China probes personal disputes after mass killings. Many fear further infringement on freedoms

BANGKOK (AP) — The order came from the top.

China’s leader Xi Jinping wants the recent spree of mass killings that shocked the country not to happen again. He ordered local governments to prevent future “extreme cases.”

The attacks, where drivers mow down people on foot or knife-wielding assailants stab multiple victims, are not new in China. But the latest surge drew attention.

Local officials were quick to vow to examine all sorts of personal disputes that could trigger aggression, from marital troubles to disagreements over inheritance.

However, the increasing reach into people’s private lives raises concerns at a time when the Chinese state has already tightened its grip over all social and political aspects in the East Asian nation.

‘Revenge on Society Crimes’

This is how people in China label these attacks.

In November alone, three took place: A man struck people at an elementary school in Hunan province, wounding 30, after suffering investment losses. A student who failed his examination stabbed and killed eight at a vocational school in the city of Yixing. The most victims, 35 people, resulted from a man mowing down a crowd in the southern city of Zhuhai, supposedly upset over his divorce.

While pinpointing the exact motive of such attacks can be difficult, there is an overwhelming feeling of being pressured within Chinese society, experts say.

“On the surface, it seems like there are individual factors, but we see there’s a common link,” Wu Qiang, a former political science professor, said. “This link is, in my personal opinion, every person has a feeling of injustice. They feel deeply that this society is very unfair and they can’t bear it anymore.”

Since 2015, Chinese police have targeted human rights lawyers and non-profit advocacy groups, jailing many, while keeping tight surveillance on others, effectively destroying the civil society that had been active from the early 2000s to 2010s.

Wu was fired from Tsinghua University after conducting fieldwork during the 2014 Occupy protests in Hong Kong. He says police officers have been regularly stationed outside his home in Beijing since last year.

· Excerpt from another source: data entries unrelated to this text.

Theorem theorem2p1 (g k1 k2 c a1 a2 : R)
  (hg : 0 <= g) (hk1 : 0 <= k1) (hk2 : 0 <= k2) (hc : 0 < c)
  (ha1 : 0 < a1) (ha12 : a1 < a2) (hgk : k2 < g) :
  exists delta C : R, 0 < delta /\ 0 <= C /\
    forall u : R -> R,
      (forall t, t <= 0 -> Rabs (u t) <= delta) ->
      (forall t, t < 0 -> derivable_pt_lim u t (sdde_rhs g k1 k2 a1 a2 c u t)) ->
      forall t, t < 0 ->
      forall M : R, (forall th, t - 5 * a2 <= th <= t -> Rabs (u th) <= M) ->
        Rabs (remainder g k1 k2 a1 a2 c u t) <= C * M ^ 4.
Proof.
  set (K := g + k1 + k2).
  exists (a1 / (4 * c)), ((6 + K * a1) * c ^ 3 * K ^ 4).
  split; [apply Rdiv_lt_0_compat; lra|].
  split; [unfold K; nonneg|].
  intros u Hsmall Hder t Ht M HM.
  set (M' := Rmin M (a1 / (4 * c))).
  assert (HM' : forall y, t - 5 * a2 <= y <= t -> Rabs (u y) <= M').
  { intros y Hy. apply Rmin_glb; [apply HM, Hy | apply Hsmall; lra]. }
  assert (HcM' : 4 * (c * M') <= a1).
  { assert (Hle : c * M' <= c * (a1 / (4 * c)))
      by (apply Rmult_le_compat_l; [lra | apply Rmin_r]).
    replace (c * (a1 / (4 * c))) with (a1 / 4) in Hle by (field; lra). lra. }
  assert (HM'0 : 0 <= M') by (eapply Rle_trans; [apply Rabs_pos | apply (HM' t); lra]).
  eapply Rle_trans.
  - apply (remainder_abs_le g k1 k2 a1 a2 c u t M'); auto.
    intros y Hy. apply is_derive_Reals, Hder. lra.
  - apply Rmult_le_compat_l; [unfold K; nonneg|].
    apply pow_incr. split; [exact HM'0 | apply Rmin_l].
Qed.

Keeping a tight lid on the killings

A decade ago, media outlets could report an incident as it developed and even share a suspect’s name. Nowadays, it’s rarely possible.

During the 24 hours before the death toll was released in the Zhuhai slaying, state censors were quick to remove any videos of the incident and eyewitness accounts shared online. In the case of the Hunan elementary school attack, authorities shared the number of the wounded only after the court sentencing, nearly a month later.

A tally of violent attacks can be documented in other countries; notably, the U.S. had 38 mass killings so far this year, according to an Associated Press database. But in China, a lack of public data makes it hard to decipher mass killing trends.

“From 2000 to 2010, there was a lot of discussions, including how do we help these people by making structural changes to reduce these risks, but now there’s not,” said Rose Luqiu, a well-known former journalist with state-owned Phoenix Television and an associate professor at Hong Kong Baptist University.

Luqiu believes the government may be enforcing censorship thinking it will prevent copycats from imitating such crimes.

“Things will only become more and more strict,” she predicted. For the Chinese state, “the only method to deal with it is to strengthen control.”

Officials vow to ferret out hidden risks

After the Zhuhai attack, Xi called on all local governments “to strengthen prevention and control of risks at the source, strictly prevent extreme cases from occurring, and to resolve conflicts and disputes in a timely manner,” according to the official Xinhua news agency.

The AP found at least a dozen local government notices, from small towns to big cities, announcing actions in response.

In eastern Anhui province, a ruling Communist Party leader inspected a middle school, a local police station, and even the warehouse of a chemical factory where he urged the workers to “ferret out any hidden risks.” He said they must “thoroughly and meticulously investigate and resolve conflicts and disputes,” including in families, marriages and neighborhoods.

Police and prosecutors issued similar statements.

The Ministry of Justice promised to curtail conflicts by looking into squabbles over inheritance, housing, land and unpaid wages.

However, many expressed worry over how such disputes will be detected.

“I think we’re at the beginning of a vicious cycle,” said Lynette Ong, a professor at the University of Toronto and author of “Outsourcing Repression: Everyday State Power in Contemporary China.” “If you nip the conflict in its bud, you’d imagine the system then would impose a lot of pressure … on schools, enterprises and factories.”

The new announcements reminded Ong of China’s strict policies during the COVID-19 pandemic. Neighborhood committees, the lowest rung of government, set up fences and barriers in front of buildings to control entry and exit and broke into homes in extreme cases to disinfect the apartments of people who had caught the virus.

Eventually, people protested en masse.

“If we see non-sensible measures being introduced, you’ll be met by resistance and anger and grievances from the people, and it’s going to feed into this vicious cycle where more extreme measures are going to be brought,” she said.